One hot July night a young city couple, having driven out and parked on the shore of White Rock Lake, switched on the headlights of the car and saw a white figure approaching. As the figure came straight to the driver's window, they saw it was a young girl dressed in a sheer white dress that was dripping wet. She spoke in a somewhat faltering voice.

I'm sorry to intrude, and I would not under any other circumstances, but I must find a way home immediately. I was in a boat that overturned. The others are safe. But I must get home.

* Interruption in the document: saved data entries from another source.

(* Assume only that each finest set $I_{j_1,\dots,j_M}$ contains at least one observed index (the set $I_{\bm y_t}$ below), together with the uniformity conditions $J_m=J$, $r'_{j_1,\dots,j_m}=r'_m$. Let $B$ be an $n\times N'$ matrix with the MRA-lp block sparsity pattern, let $D$ be an $n\times n$ diagonal matrix with nonnegative diagonal entries and $D_{ii}=0$ for $i\notin I_{\bm y_t}$, let $\Lambda_{D}=\mathbf I_{N'}+B^\top DB$, let $L_D$ be its lower triangular Cholesky factor, and let $B_D=B(L_D^{-1})^\top$. Then: (a) for $p\ge q$, the $(M+1-p,M+1-q)$th block of $\Lambda_D$ (blocks induced by the column blocks $B^M,\dots,B^0$ of $B$) has size $J^pr'_p\times J^qr'_q$ and is block diagonal with $J^q$ diagonal blocks of size $J^{p-q}r'_p\times r'_q$, entries outside them being zero; (b) with $G=(V,E)$ the undirected graph on $v_1,\dots,v_{N'}$ whose adjacency matrix has 1 at every off-diagonal position inside one of the blocks described in (a) (and symmetric counterpart) and 0 elsewhere, if $1\le j<i\le N'$ and $(v_i,v_j)\notin E$ then $L_D[i,j]=L_D^{-1}[i,j]=0$; (c) $B_D$ has zero entries at every position outside the diagonal blocks $B_{j_1,\dots,j_m}$ ($m=0,\dots,M$) of the MRA-lp pattern; (d) the number of nonzero entries in each column of $L_D$ and of $L_D^{-1}$ is $\mathcal O(N)$, $N=\sum_{m=0}^M r'_m$.
   Context: Grid indices $I_0=\{1,\dots,n\}$; $M\ge 0$, $J\ge 2$; multi-indices $(j_1,\dots,j_m)$, $1\le j_i\le J$ (empty multi-index $0$ for $m=0$); nested index sets $I_{j_1,\dots,j_m}$ with $I_0$ at $m=0$ and $I_{j_1,\dots,j_m}$ the disjoint union of $I_{j_1,\dots,j_m,j_{m+1}}$, $j_{m+1}=1,\dots,J$; indices ordered so that lexicographically larger finest multi-indices $(j_1,\dots,j_M)$ have all their indices larger. Integers $r'_m\ge 1$; $N'=\sum_{m=0}^M J^m r'_m$. MRA-lp block sparsity pattern: $B=(B^M\;\cdots\;B^0)$, where $B^m$ is an $n$-row block diagonal matrix whose diagonal blocks $B_{j_1,\dots,j_m}$, of size $|I_{j_1,\dots,j_m}|\times r'_m$, occupy rows $I_{j_1,\dots,j_m}$, in lexicographic order of $(j_1,\dots,j_m)$, all other entries being zero (the MRA-lp output of a symmetric positive definite matrix has this form). $I_{\bm y_t}\subseteq I_0$ is the set of grid indices at which observations are available at time $t$. In the paper's non-Gaussian filter, $D$ is the diagonal matrix of negative second derivatives $-\frac{d^2}{dx_{ti}^2}\log g_{ti}(y_{ti}\mid x_{ti})$ at observed indices (assumed nonnegative), zero elsewhere. *)

From HB Require Import structures.
From mathcomp Require Import all_boot all_order all_algebra.
Set Implicit Arguments. Unset Strict Implicit. Unset Printing Implicit Defensive.
Import Order.TTheory GRing.Theory Num.Theory.
Local Open Scope ring_scope.

(* Conventions:
   - grid indices are 'I_n (0-based);
   - the finest multi-index (j_1,...,j_M) (1 <= j_k <= J) of a grid index i is
     encoded by the number  leaf i = sum_k (j_k - 1) J^(M-k)  in [0, J^M);
     hence i belongs to I_{j_1..j_m} iff  leaf i %/ J^(M-m)  is the base-J
     code of (j_1..j_m) (lexicographic order = numeric order of codes);
   - columns of B are 0-based; B = (B^M ... B^0), B^m has J^m r'_m columns,
     its block for code b (b-th multi-index in lexicographic order) occupies
     the columns coloff m + b*r'_m, ..., coloff m + (b+1)*r'_m - 1. *)

Definition ncols (J : nat) (r : nat -> nat) (m : nat) : nat := (J ^ m * r m)%N.

Definition Nprime (M J : nat) (r : nat -> nat) : nat :=
  (\sum_(m < M.+1) ncols J r m)%N.

Definition Nsmall (M : nat) (r : nat -> nat) : nat := (\sum_(m < M.+1) r m)%N.

Definition coloff (M J : nat) (r : nat -> nat) (m : nat) : nat :=
  (\sum_(m.+1 <= l < M.+1) ncols J r l)%N.

Definition in_level (M J : nat) (r : nat -> nat) (c m : nat) : bool :=
  (m <= M)%N && (coloff M J r m <= c < coloff M J r m + ncols J r m)%N.

(* code (lexicographic rank) of the multi-index (j_1..j_m) of the diagonal
   block B_{j_1..j_m} containing column c of level m *)
Definition col_block (M J : nat) (r : nat -> nat) (c m : nat) : nat :=
  ((c - coloff M J r m) %/ r m)%N.

(* (i, c) lies in one of the diagonal blocks B_{j_1..j_m} of the MRA-lp
   pattern, where lf = leaf i *)
Definition mra_pos (M J : nat) (r : nat -> nat) (lf c : nat) : bool :=
  [exists m : 'I_M.+1,
     in_level M J r c m && (lf %/ J ^ (M - m) == col_block M J r c m)%N].

Definition has_mra_pattern (R : ringType) (n M J : nat) (r : nat -> nat)
  (leaf : 'I_n -> nat) (B : 'M[R]_(n, Nprime M J r)) : Prop :=
  forall (i : 'I_n) (c : 'I_(Nprime M J r)),
    ~~ mra_pos M J r (leaf i) c -> B i c = 0.

Definition LambdaD (R : ringType) (n M J : nat) (r : nat -> nat)
  (B : 'M[R]_(n, Nprime M J r)) (D : 'M[R]_n) : 'M[R]_(Nprime M J r) :=
  1%:M + B^T *m D *m B.

Definition is_cholesky (R : numDomainType) (k : nat) (A L : 'M[R]_k) : Prop :=
  [/\ (forall i j : 'I_k, (i < j)%N -> L i j = 0),
      (forall i : 'I_k, 0 < L i i) &
      L *m L^T = A].

(* (c, c') with c in level p, c' in level q, q <= p, lies in one of the
   J^q diagonal blocks (of size J^(p-q) r'_p x r'_q) of the
   (M+1-p, M+1-q)-th block of Lambda_D *)
Definition lam_block_pos (M J : nat) (r : nat -> nat) (c c' : nat) : bool :=
  [exists p : 'I_M.+1, exists q : 'I_M.+1,
     [&& (q <= p)%N, in_level M J r c p, in_level M J r c' q &
        ((c - coloff M J r p) %/ (J ^ (p - q) * r p)
           == (c' - coloff M J r q) %/ r q)%N]].

Definition mra_edge (M J : nat) (r : nat -> nat) (c c' : nat) : bool :=
  (c != c')%N && (lam_block_pos M J r c c' || lam_block_pos M J r c' c).

Definition col_nnz (R : ringType) (k : nat) (A : 'M[R]_k) (j : 'I_k) : nat :=
  #|[set i : 'I_k | A i j != 0]|.

(* The blocks B_{j_1..j_m} form a J-ary tree under the prefix order of multi-indices
   (column i is a [col_ancestor] of column k when its block is a prefix of k's), and a
   row of B only meets the blocks on the root-to-leaf path of its grid index.
   Since D is diagonal, Lambda_D[c, c'] can only be nonzero when the blocks of the
   columns c and c' are comparable in this tree, which gives (a).  Columns are ordered
   finest level first, so of two ancestor columns of a common block the later one is an
   ancestor of the earlier one; with this, induction on the Cholesky
   recursion shows that L_D[i, j] <> 0 with j < i forces the block of i to be an
   ancestor of the block of j: the tree ordering produces no fill-in.  Inverting the
   triangular factor only composes such relations, so the same holds for L_D^-1 by
   transitivity, which gives (b).  The pattern of B is closed under passing to ancestor
   blocks, whence (c), and a column has at most sum_m r'_m = N ancestor columns (r'_m
   per level), whence (d) with constant 1. *)

From HB Require Import structures.
From mathcomp Require Import all_boot all_order all_algebra.
From mathcomp Require Import zify.
Import Order.TTheory GRing.Theory Num.Theory.
Set Implicit Arguments. Unset Strict Implicit. Unset Printing Implicit Defensive.

Section TriangularFactorPatterns.
Local Open Scope ring_scope.
Variables (k : nat) (e : rel nat).

Lemma trig_factor_pattern (F : idomainType) (A L : 'M[F]_k) :
  (forall i j l, (j < i)%N -> e i l -> e j l -> e i j) ->
  is_trig_mx L -> (forall i, L i i != 0) -> L *m L^T = A ->
  (forall i j : 'I_k, (j < i)%N -> ~~ e i j -> A i j = 0) ->
  forall i j : 'I_k, (j < i)%N -> L i j != 0 -> e i j.
Proof.
move=> e_join /is_trig_mxP L_trig L_diag LLt A_pat i j.
have [m] := ubnP j; elim: m i j => // m IH i j /ltnSE le_jm lt_ji.
apply: contraTT => not_eij; rewrite negbK.
have := A_pat i j lt_ji not_eij; rewrite -LLt mxE (bigD1 j) //= big1 ?addr0.
  by rewrite mxE => /eqP; rewrite mulf_eq0 (negbTE (L_diag j)) orbF.
move=> l ne_lj; rewrite mxE; case: (ltngtP l j) => [lt_lj|lt_jl|/val_inj eq_lj].
- apply/eqP; rewrite mulf_eq0; apply: contraNT not_eij.
  rewrite negb_or => /andP[nz_il nz_jl]; apply: (e_join _ _ l lt_ji).
    exact: IH (leq_trans lt_lj le_jm) (ltn_trans lt_lj lt_ji) nz_il.
  exact: IH (leq_trans lt_lj le_jm) lt_lj nz_jl.
- by rewrite (L_trig j l lt_jl) mulr0.
- by rewrite eq_lj eqxx in ne_lj.
Qed.

Lemma trig_unitmx (F : fieldType) (L : 'M[F]_k) :
  is_trig_mx L -> (forall i, L i i != 0) -> L \in unitmx.
Proof.
by move=> L_trig L_diag; rewrite unitmxE det_trig // unitfE; apply/prodf_neq0.
Qed.

Lemma trig_inverse_pattern (F : fieldType) (L : 'M[F]_k) :
  (forall i : 'I_k, e i i) -> (forall i l j, e i l -> e l j -> e i j) ->
  is_trig_mx L -> (forall i, L i i != 0) ->
  (forall i j : 'I_k, (j < i)%N -> L i j != 0 -> e i j) ->
  forall i j : 'I_k, invmx L i j != 0 -> (j <= i)%N && e i j.
Proof.
move=> e_refl e_trans L_trig L_diag L_pat i j.
have /matrixP LX := mulmxV (trig_unitmx L_trig L_diag).
move/is_trig_mxP: L_trig => L_trig.
have [m] := ubnP i; elim: m i => // m IH i /ltnSE le_im.
apply: contraTT => not_ji; rewrite negbK.
have ne_ij : i != j by apply: contra not_ji => /eqP <-; rewrite leqnn e_refl.
have := LX i j; rewrite !mxE (negbTE ne_ij) (bigD1 i) //= big1 ?addr0.
  by move/eqP; rewrite mulf_eq0 (negbTE (L_diag i)).
move=> l ne_li; case: (ltngtP l i) => [lt_li|lt_il|/val_inj eq_li].
- apply/eqP; rewrite mulf_eq0; apply: contraNT not_ji.
  rewrite negb_or => /andP[nz_il nz_lj].
  have /andP[le_jl e_lj] := IH l (leq_trans lt_li le_im) nz_lj.
  by rewrite (leq_trans le_jl (ltnW lt_li)) (e_trans _ _ _ (L_pat _ _ lt_li nz_il) e_lj).
- by rewrite L_trig ?mul0r.
- by rewrite eq_li eqxx in ne_li.
Qed.

End TriangularFactorPatterns.

Lemma card_ord_interval n lo hi : #|[set i : 'I_n | lo <= i < hi]| = minn hi n - lo.
Proof.
rewrite -sum1dep_card big_mkcond /=; elim: n => [|n IH]; first by rewrite big_ord0 minn0.
by rewrite big_ord_recr /= IH; case: (leqP lo n); case: (ltnP n hi) => /=; lia.
Qed.

Lemma leq_card_bigcup (T I : finType) (A : I -> {set T}) :
  #|\bigcup_i A i| <= \sum_i #|A i|.
Proof.
elim/big_rec2: _ => [|i n U _ IH]; first by rewrite cards0.
by rewrite (leq_trans (leq_card_setU _ _).1) // leq_add2l.
Qed.

Section ColumnLevels.
Variables (M J : nat) (r : nat -> nat).

Definition level_end m := \sum_(m <= l < M.+1) ncols J r l.

Lemma coloffE m : coloff M J r m = level_end m.+1.
Proof. by []. Qed.

Lemma level_endS m : m <= M -> level_end m = ncols J r m + level_end m.+1.
Proof. by move=> le_mM; rewrite /level_end big_ltn. Qed.

Lemma level_end0 : level_end 0 = Nprime M J r.
Proof. by rewrite /level_end big_mkord. Qed.

Lemma level_end_leq a b : a <= b -> level_end b <= level_end a.
Proof.
move=> le_ab; case: (leqP b M.+1) => [le_bM|lt_Mb].
  by rewrite /level_end (big_cat_nat le_ab le_bM) leq_addl.
by rewrite /level_end big_geq // ltnW.
Qed.

Lemma in_levelE c m :
  in_level M J r c m = (m <= M) && (level_end m.+1 <= c < level_end m).
Proof.
rewrite /in_level coloffE; case: (leqP m M) => //= le_mM.
by rewrite (level_endS le_mM) addnC.
Qed.

Lemma in_level_leM c m : in_level M J r c m -> m <= M.
Proof. by case/andP. Qed.

Lemma in_level_ltn c c' p q :
  in_level M J r c p -> in_level M J r c' q -> p < q -> c' < c.
Proof.
rewrite !in_levelE => /and3P[_ lo_c _] /and3P[_ _ hi_c'] lt_pq.
exact: leq_trans hi_c' (leq_trans (level_end_leq lt_pq) lo_c).
Qed.

Lemma in_level_uniq c p q : in_level M J r c p -> in_level M J r c q -> p = q.
Proof.
move=> c_p c_q; case: (ltngtP p q) => // lt.
- by have := in_level_ltn c_p c_q lt; rewrite ltnn.
- by have := in_level_ltn c_q c_p lt; rewrite ltnn.
Qed.

Lemma in_level_leq c c' p q :
  in_level M J r c p -> in_level M J r c' q -> c <= c' -> q <= p.
Proof.
move=> c_p c'_q le_cc'; rewrite leqNgt; apply/negP => /(in_level_ltn c_p c'_q).
by rewrite ltnNge le_cc'.
Qed.

Lemma in_level_exists c : c < Nprime M J r -> exists m, in_level M J r c m.
Proof.
rewrite -level_end0 => lt_c.
suff: forall k, level_end k <= c -> exists m, in_level M J r c m.
  by apply; rewrite /level_end big_geq.
elim=> [|k IH le_c]; first by rewrite leqNgt lt_c.
case: (leqP (level_end k) c) => [/IH //|lt_ck]; exists k.
rewrite in_levelE le_c lt_ck !andbT leqNgt; apply/negP => lt_Mk.
by move: lt_ck; rewrite /level_end big_geq.
Qed.

Lemma card_in_level p : p <= M ->
  #|[set c : 'I_(Nprime M J r) | in_level M J r c p]| = J ^ p * r p.
Proof.
move=> le_pM; have -> : [set c : 'I_(Nprime M J r) | in_level M J r c p] =
          [set c : 'I_(Nprime M J r) | level_end p.+1 <= c < level_end p].
  by apply/setP => c; rewrite !inE in_levelE le_pM.
rewrite card_ord_interval.
have := level_end_leq (leq0n p); rewrite level_end0 (level_endS le_pM) /ncols; lia.
Qed.

Lemma in_level_window c q : in_level M J r c q ->
  coloff M J r q + col_block M J r c q * r q <= c <
  coloff M J r q + col_block M J r c q * r q + r q.
Proof.
rewrite /in_level /col_block /ncols => /and3P[_ lo_c hi_c].
have r_gt0 : 0 < r q by move: hi_c; case: (r q) => //; rewrite muln0 addn0 ltnNge lo_c.
have := divn_eq (c - coloff M J r q) (r q); have := ltn_pmod (c - coloff M J r q) r_gt0.
lia.
Qed.

End ColumnLevels.

Lemma divn_exp_sub d x a b c : a <= b -> b <= c ->
  x %/ d ^ (c - b) %/ d ^ (b - a) = x %/ d ^ (c - a).
Proof. by move=> le_ab le_bc; rewrite -divnMA -expnD; congr (_ %/ d ^ _); lia. Qed.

She climbed into the rumble seat, saying that she did not wish to get the young lady wet, and gave them an address in Oak Cliff, on the opposite side of Dallas. The young couple felt an uneasiness concerning their strange passenger, and as they neared the destination the girl, to avoid hunting the address, turned to the rumble seat to ask directions. The rumble seat was empty, but still wet.

After a brief, futile search for the girl in white, the couple went to the address she had given and were met at the door by a man whose face showed lines of worry. When he had heard the couple's story, the man replied in a troubled voice. "This is a very strange thing. You are the third couple who has come to me with this story. Three weeks ago, while sailing on White Rock Lake, my daughter was drowned."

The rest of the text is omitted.